> _ACTIVITY_
In the records, find each line where "because" occurs, and copy it.

> _DATA SHOWN_
(* Let $F$ be a positive integer and let $\mathrm{G}(F)$ be the graph whose vertex set is $\mathrm{Sat}(F)$ and in which $(S,T)\in\mathrm{Sat}(F)\times\mathrm{Sat}(F)$ is an edge if and only if $T=S\setminus\{\mathrm{m}(S)\}$. Then $\mathrm{G}(F)$ is a tree with root $\Delta(F+1)$, i.e. for every vertex $S\neq\Delta(F+1)$ there is a unique path in $\mathrm{G}(F)$ connecting $S$ to $\Delta(F+1)$.
   Context: A numerical semigroup is a subset $S\subseteq\mathbb{N}$ closed under addition, containing $0$, with $\mathbb{N}\setminus S$ finite. Its Frobenius number $\mathrm{F}(S)$ is the largest integer not in $S$, and its multiplicity $\mathrm{m}(S)$ is $\min(S\setminus\{0\})$. For $A\subseteq\mathbb{N}$ and $a\in A$, let $\mathrm{d}_A(a)=\gcd\{x\in A\mid x\le a\}$. A numerical semigroup $S$ is saturated if $s+\mathrm{d}_S(s)\in S$ for all $s\in S\setminus\{0\}$. For a positive integer $F$, $\mathrm{Sat}(F)$ denotes the set of all saturated numerical semigroups $S$ with $\mathrm{F}(S)=F$. For $m\in\mathbb{N}$, $\Delta(m)=\{0\}\cup\{x\in\mathbb{N}\mid x\ge m\}$. A path of length $n$ from $x$ to $y$ in a graph is a sequence of distinct edges $(v_0,v_1),(v_1,v_2),\dots,(v_{n-1},v_n)$ with $v_0=x$, $v_n=y$. *)

(* Subsets of N are represented as boolean predicates nat -> bool;
   equality of subsets is Leibniz equality of functions. *)
From mathcomp Require Import all_boot.
Set Implicit Arguments. Unset Strict Implicit. Unset Printing Implicit Defensive.

Definition nset := nat -> bool.

Definition numerical_semigroup (S : nset) : Prop :=
  [/\ S 0, (forall x y, S x -> S y -> S (x + y)) & exists N, forall x, N <= x -> S x].

Definition is_frobenius (S : nset) (F : nat) : Prop :=
  ~~ S F /\ (forall x, F < x -> S x).

Definition is_multiplicity (S : nset) (m : nat) : Prop :=
  [/\ S m, 0 < m & forall x, S x -> 0 < x -> m <= x].

Definition dA (A : nset) (a : nat) : nat := \big[gcdn/0]_(0 <= x < a.+1 | A x) x.

Definition saturated (S : nset) : Prop :=
  forall s, S s -> s != 0 -> S (s + dA S s).

Definition Sat (F : nat) (S : nset) : Prop :=
  [/\ numerical_semigroup S, saturated S & is_frobenius S F].

Definition Delta (m : nat) : nset := fun x => (x == 0) || (m <= x).

Definition remove (S : nset) (a : nat) : nset := fun x => S x && (x != a).

Definition GF_edge (F : nat) (S T : nset) : Prop :=
  Sat F S /\ Sat F T /\ exists m, is_multiplicity S m /\ T = remove S m.

(* A path from x to y: the vertex list x :: p (v_0 = x, ..., v_n = last x p = y),
   consecutive vertices form edges of G(F), and the edges are pairwise distinct. *)
Definition is_GF_path (F : nat) (x y : nset) (p : seq nset) : Prop :=
  let v := fun i => nth x (x :: p) i in
  [/\ last x p = y,
      (forall i, i < size p -> GF_edge F (v i) (v i.+1)) &
      (forall i j, i < j -> j < size p -> (v i, v i.+1) <> (v j, v j.+1))].

From mathcomp Require Import all_boot.
From mathcomp Require Import zify.
From Stdlib Require Import FunctionalExtensionality Classical.

Set Implicit Arguments. Unset Strict Implicit. Unset Printing Implicit Defensive.

(* Every S in Sat(F) other than Delta(F+1) has its multiplicity m < F, and
   removing m yields again an element of Sat(F): the semigroup axioms are kept
   because m is the least positive element, and saturation is kept because
   d_S(s) divides d_{S \ {m}}(s), while a saturated semigroup contains s + z
   for every multiple z of d_S(s).  Hence each vertex S <> Delta(F+1) has
   exactly one outgoing edge (the multiplicity is unique), Delta(F+1) has none,
   and the multiplicity strictly increases along edges.
   Uniqueness of paths to Delta(F+1) follows by induction on the path, since
   the edge relation is functional and the target has no outgoing edge.
   Existence follows by induction on F - m(S); the edges of the path so built
   are pairwise distinct because all later vertices lie inside S \ {m(S)}. *)

Lemma dvd_dA (A : nset) a x : x <= a -> A x -> dA A a %| x.
Proof.
move=> le_xa Ax; rewrite /dA (big_rem x) /=; last by rewrite mem_index_iota; lia.
by rewrite Ax dvdn_gcdl.
Qed.

Lemma dA_dvd (A : nset) a d : (forall x, x <= a -> A x -> d %| x) -> d %| dA A a.
Proof.
move=> dvd_d; rewrite /dA big_seq_cond; apply: (big_ind (fun g => d %| g)) => //.
  by move=> u v du dv; rewrite dvdn_gcd du dv.
by move=> i /andP[]; rewrite mem_index_iota => lt_i Ai; apply: dvd_d => //; lia.
Qed.

Lemma dA_gt0 (A : nset) s : A s -> 0 < s -> 0 < dA A s.
Proof.
move=> As s_gt0; have := @dvd_dA A s s (leqnn s) As.
by case: (dA A s) => //; rewrite dvd0n; lia.
Qed.

Lemma dA_sub (A B : nset) a : (forall x, A x -> B x) -> dA B a %| dA A a.
Proof. by move=> sAB; apply: dA_dvd => x le_xa /sAB; apply: dvd_dA. Qed.

Lemma dA_mono (A : nset) a b : a <= b -> dA A b %| dA A a.
Proof. by move=> le_ab; apply: dA_dvd => x le_xa; apply: dvd_dA; lia. Qed.

Lemma saturated_dvd (S : nset) s z :
  saturated S -> S s -> s != 0 -> dA S s %| z -> S (s + z).
Proof.
move=> satS; elim/ltn_ind: z s => z IH s Ss s_neq0 dvd_z.
have [->|z_gt0] := posnP z; first by rewrite addn0.
have d_gt0 : 0 < dA S s by apply: dA_gt0 => //; lia.
have le_dz : dA S s <= z by apply: dvdn_leq.
have Ss' : S (s + dA S s) by apply: satS.
have dvd_d' : dA S (s + dA S s) %| dA S s by apply: dA_mono; lia.
have -> : s + z = s + dA S s + (z - dA S s) by lia.
apply: IH Ss' _ _; [lia | lia |].
by apply: dvdn_trans dvd_d' _; rewrite dvdn_sub.
Qed.

Lemma mult_exists (S : nset) F : is_frobenius S F -> exists m, is_multiplicity S m.
Proof.
move=> [_ above_F].
have ex_pos : exists x, S x && (0 < x) by exists F.+1; rewrite above_F.
case: (ex_minnP ex_pos) => m /andP[Sm m_gt0] min_m; exists m; split => //.
by move=> x Sx x_gt0; apply: min_m; rewrite Sx x_gt0.
Qed.

Lemma mult_unique (S : nset) m1 m2 :
  is_multiplicity S m1 -> is_multiplicity S m2 -> m1 = m2.
Proof.
move=> [S1 pos1 min1] [S2 pos2 min2].
by have := min1 _ S2 pos2; have := min2 _ S1 pos1; lia.
Qed.

Lemma mult_remove_gt (S : nset) m m' :
  is_multiplicity S m -> is_multiplicity (remove S m) m' -> m < m'.
Proof.
move=> [_ _ min_m] [/andP[Sm' neq_m'm] m'_gt0 _].
by have := min_m _ Sm' m'_gt0; lia.
Qed.

Lemma remove_numerical (S : nset) m :
  numerical_semigroup S -> is_multiplicity S m -> numerical_semigroup (remove S m).
Proof.
move=> [S0 addS [N above_N]] [Sm m_gt0 min_m]; split.
- by rewrite /remove S0; lia.
- move=> x y /andP[Sx neq_xm] /andP[Sy neq_ym]; rewrite /remove addS //=.
  have [->|x_gt0] := posnP x; first by [].
  have [->|y_gt0] := posnP y; first by rewrite addn0.
  by have := min_m _ Sx x_gt0; have := min_m _ Sy y_gt0; lia.
- by exists (N + m.+1) => x le_x; rewrite /remove above_N /=; lia.
Qed.

(* Removing the multiplicity keeps saturation, by dA_sub and saturated_dvd. *)
Lemma remove_saturated (S : nset) m :
  saturated S -> is_multiplicity S m -> saturated (remove S m).
Proof.
move=> satS [_ _ min_m] s /andP[Ss neq_sm] s_neq0; apply/andP; split.
  by apply: saturated_dvd => //; apply: dA_sub => x /andP[].
by have := min_m _ Ss ltac:(lia); lia.
Qed.

Lemma remove_frobenius (S : nset) m F :
  is_frobenius S F -> m < F -> is_frobenius (remove S m) F.
Proof.
move=> [notSF above_F] lt_mF; split; first by rewrite /remove negb_and notSF.
by move=> x lt_Fx; rewrite /remove above_F //=; lia.
Qed.

Section SaturatedTree.
Variable F : nat.
Notation D := (Delta F.+1).

Lemma Sat_Delta : 0 < F -> Sat F D.
Proof.
move=> F_gt0; rewrite /Sat /Delta; split.
- split => //; last by exists F.+1 => x le_x; apply/orP; right.
  by move=> x y /orP[/eqP->|hx] /orP[/eqP->|hy]; apply/orP; lia.
- by move=> s /orP[/eqP->//|hs] _; apply/orP; right; lia.
- by split => [|x lt_Fx]; apply/orP; lia.
Qed.

Lemma mult_lt_frobenius S m : Sat F S -> is_multiplicity S m -> S <> D -> m < F.
Proof.
move=> [[S0 _ _] _ [notSF above_F]] [Sm m_gt0 min_m] neq_SD.
have neq_mF : m != F by apply: contraNneq notSF => <-.
suff : m <= F by lia.
case: (leqP m F) => // lt_Fm; exfalso; apply: neq_SD.
apply: functional_extensionality => x; rewrite /Delta.
have [->|x_gt0] := posnP x; first by rewrite S0.
case: (leqP x F) => le_xF /=; last by rewrite above_F.
by apply/negP => Sx; have := min_m _ Sx x_gt0; lia.
Qed.

Lemma edge_remove_mult S m :
  Sat F S -> is_multiplicity S m -> S <> D -> GF_edge F S (remove S m).
Proof.
move=> SatS mult_m neq_SD; have lt_mF := mult_lt_frobenius SatS mult_m neq_SD.
case: (SatS) => numS satS frobS; split => //; split; last by exists m.
split; [exact: remove_numerical | exact: remove_saturated | exact: remove_frobenius].
Qed.

(* The root Delta(F+1) has no outgoing edge: its multiplicity exceeds F. *)
Lemma Delta_no_edge T : ~ GF_edge F D T.
Proof.
move=> [_ [SatT [m [[Dm m_gt0 _] eq_T]]]]; subst T.
have [_ _ [_ above_F]] := SatT.
have lt_Fm : F < m by move: Dm; rewrite /Delta => /orP[/eqP|]; lia.
by have := above_F m lt_Fm; rewrite /remove eqxx andbF.
Qed.

Lemma edge_functional S T T' : GF_edge F S T -> GF_edge F S T' -> T = T'.
Proof.
move=> [_ [_ [m [mult_m ->]]]] [_ [_ [m' [mult_m' ->]]]].
by rewrite (mult_unique mult_m mult_m').
Qed.

Lemma edge_sub S T x : GF_edge F S T -> T x -> S x.
Proof. by move=> [_ [_ [m [_ ->]]]] /andP[]. Qed.

(* Paths are decomposed along their first edge; this reindexes the vertices
   of x :: z :: p as those of z :: p. *)
Lemma nth_cons_shift (x z : nset) p k :
  k <= size p -> nth x [:: x, z & p] k.+1 = nth z (z :: p) k.
Proof. by move=> le_k; apply: set_nth_default. Qed.

Lemma path_nil x y : is_GF_path F x y [::] -> x = y.
Proof. by case. Qed.

Lemma path_cons x y z p :
  is_GF_path F x y (z :: p) -> GF_edge F x z /\ is_GF_path F z y p.
Proof.
move=> [last_p edges distinct]; split; first exact: (edges 0).
split => // [i lt_i | i j lt_ij lt_j].
- by have := edges i.+1 lt_i; rewrite !nth_cons_shift //; lia.
- by have := distinct i.+1 j.+1 lt_ij lt_j; rewrite !nth_cons_shift //; lia.
Qed.

Lemma path_cons_intro x y z p :
  GF_edge F x z -> is_GF_path F z y p ->
  (forall j, j < size p -> x <> nth z (z :: p) j) ->
  is_GF_path F x y (z :: p).
Proof.
move=> edge_xz [last_p edges distinct] fresh_x.
split => // [[|i] lt_i | [|i] [|j] // lt_ij lt_j].
- exact: edge_xz.
- by rewrite !nth_cons_shift; try (simpl in *; lia); apply: edges.
- rewrite !nth_cons_shift; try (simpl in *; lia).
  by move=> [eq_x _]; apply: (fresh_x j) => //; simpl in *; lia.
- by rewrite !nth_cons_shift; try (simpl in *; lia); apply: distinct.
Qed.

Lemma path_vertex_sub x y p k a :
  is_GF_path F x y p -> k <= size p -> nth x (x :: p) k a -> x a.
Proof.
elim: p x k => [|z p IH] x [|k] // path_xp le_k.
have [edge_xz path_zp] := path_cons path_xp.
rewrite nth_cons_shift // => /(IH _ _ path_zp le_k).
exact: edge_sub.
Qed.

(* Uniqueness: both paths must follow the unique outgoing edges until the root. *)
Lemma path_unique S p q : is_GF_path F S D p -> is_GF_path F S D q -> p = q.
Proof.
elim: p S q => [|z p IH] S [|w q] //.
- by move=> /path_nil -> /path_cons [/Delta_no_edge].
- by move=> /path_cons [edge_Sz _] /path_nil eq_SD; rewrite eq_SD in edge_Sz;
    case: (Delta_no_edge edge_Sz).
- move=> /path_cons [edge_Sz path_z] /path_cons [edge_Sw path_w].
  have eq_zw := edge_functional edge_Sz edge_Sw; subst w.
  by rewrite (IH _ _ path_z path_w).
Qed.

Lemma path_exists n S m :
  Sat F S -> is_multiplicity S m -> F - m < n -> exists p, is_GF_path F S D p.
Proof.
elim: n S m => [|n IH] S m SatS mult_m lt_n; first by lia.
have [->|neq_SD] := classic (S = D); first by exists [::]; split.
have edge_ST := edge_remove_mult SatS mult_m neq_SD.
have [_ [SatT _]] := edge_ST.
have [_ _ frobT] := SatT; have [m' mult_m'] := mult_exists frobT.
have lt_mm' := mult_remove_gt mult_m mult_m'.
have lt_mF := mult_lt_frobenius SatS mult_m neq_SD.
have [p path_p] := IH _ _ SatT mult_m' ltac:(lia).
exists (remove S m :: p); apply: path_cons_intro => // j lt_j eq_S.
have Sm : S m by case: mult_m.
have := path_vertex_sub path_p (ltnW lt_j); rewrite -eq_S => /(_ m Sm).
by rewrite /remove eqxx andbF.
Qed.

End SaturatedTree.

Theorem proposition17 (F : nat) (HF : 0 < F) :
  Sat F (Delta F.+1) /\
  (forall S : nset, Sat F S -> S <> Delta F.+1 ->
     exists! p : seq nset, is_GF_path F S (Delta F.+1) p).
Proof.
split; first exact: Sat_Delta.
move=> S SatS _.
have [_ _ frobS] := SatS; have [m mult_m] := mult_exists frobS.
have [p path_p] := path_exists SatS mult_m (ltnSn (F - m)).
by exists p; split => // q path_q; apply: path_unique path_p path_q.
Qed.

> _RESPONSE BELOW_
   because m is the least positive element, and saturation is kept because
   are pairwise distinct because all later vertices lie inside S \ {m(S)}. *)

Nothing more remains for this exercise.